The power is out right now, which happens from time to time, so I have to write next to the window on the couch that no one sits on. I am sore already from the stiffness of the furniture and have already begun dreaming of home. “Am I crazy?” Is a thought that continuously crosses my mind. “Three months? What was I thinking?” I’m sure it will get easier; it is only the first day.
The people here seem to be incredibly friendly. They smile and wave and ask me about home. One boy who lives with us, Jackson, suggested multiple times that maybe he should come back to the U.S with me. He asked about where I work and said he could work there too. It was very sweet to hear him talk about it.

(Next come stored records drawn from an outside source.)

(* For every ensemble $\mathcal{E}=\{\eta_{i},\rho_{i}\}_{i\in\mathbb{N}_{n}}$, $p_{\sf G}(\mathcal{E})\ge \lambda/n$, where $\lambda$ is the smallest nonzero eigenvalue of $\rho_0=\sum_{i}\eta_i\rho_i$.
   Context: $\mathbb{N}_{n}=\{1,\ldots,n\}$. $\mathcal{H}$ is a finite-dimensional complex Hilbert space, $\mathbb{H}_{+}$ the positive-semidefinite operators on it, $\mathbbm{1}$ the identity. An ensemble $\mathcal{E}=\{\eta_{i},\rho_{i}\}_{i\in\mathbb{N}_{n}}$: density operators $\rho_i$ with probabilities $\eta_i>0$, $\sum_i\eta_i=1$. A measurement is $\{M_{?}\}\cup\{M_{i}\}_{i\in\mathbb{N}_{n}}\subseteq\mathbb{H}_+$ with $M_?+\sum_iM_i=\mathbbm{1}$. $\mathcal{C}_{x}(\mathcal{E})$ is the maximum of $\eta_{x}\Tr(\rho_{x}M_{x})/\Tr(\rho_{0}M_{x})$ over measurements with $\Tr(\rho_{0}M_{x})>0$. $\mathbb{M}_{i}(\mathcal{E})=\{E\in\mathbb{H}_{+}\mid\Tr[(\mathcal{C}_{i}(\mathcal{E})\rho_{0}-\eta_{i}\rho_{i})E]=0\}$; $\mathbb{M}(\mathcal{E})$ is the set of measurements with $M_i\in\mathbb{M}_i(\mathcal{E})$ for all $i$ (maximum-confidence measurements). $p_{\sf G}(\mathcal{E})=\max_{\mathcal{M}\in\mathbb{M}(\mathcal{E})}\sum_{i}\eta_{i}\Tr(\rho_{i}M_{i})$. *)

From HB Require Import structures.
From mathcomp Require Import all_boot all_order all_algebra.
From mathcomp Require Import complex.
From mathcomp Require Import classical_sets reals.

Set Implicit Arguments.
Unset Strict Implicit.
Unset Printing Implicit Defensive.

Import Order.TTheory GRing.Theory Num.Theory.
Local Open Scope ring_scope.
Local Open Scope complex_scope.
Local Open Scope classical_set_scope.

Section QState.
Variable R : realType.
Local Notation C := R[i].

Definition adjmx (m k : nat) (A : 'M[C]_(m, k)) : 'M[C]_(k, m) := map_mx Num.conj (A^T).

Definition psd (d : nat) (A : 'M[C]_d) : Prop :=
  adjmx A = A /\ forall v : 'rV[C]_d, 0 <= (v *m A *m adjmx v) 0 0.

Definition density (d : nat) (rho : 'M[C]_d) : Prop :=
  psd rho /\ \tr rho = 1.

(* ensemble {eta_i, rho_i}_{i in N_n} (indices 'I_n stand for 1..n) *)
Definition ensemble (d n : nat) (eta : 'I_n -> R) (rho : 'I_n -> 'M[C]_d) : Prop :=
  (forall i, 0 < eta i) /\ (\sum_i eta i = 1) /\ (forall i, density (rho i)).

Definition rho0 (d n : nat) (eta : 'I_n -> R) (rho : 'I_n -> 'M[C]_d) : 'M[C]_d :=
  \sum_i (eta i)%:C *: rho i.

There are so many people living in this house with me. There is Barnabas and his wife Mila and their 4-year-old son Joseph. Rose (their maid) and Jackson, Tim (a volunteer from Indiana), and Virginia and Lydia (volunteers from Germany) and then myself of course. People are always stopping in and I’m surprised I’ve remembered as many names as I have.
This is certainly going to become quite the adventure.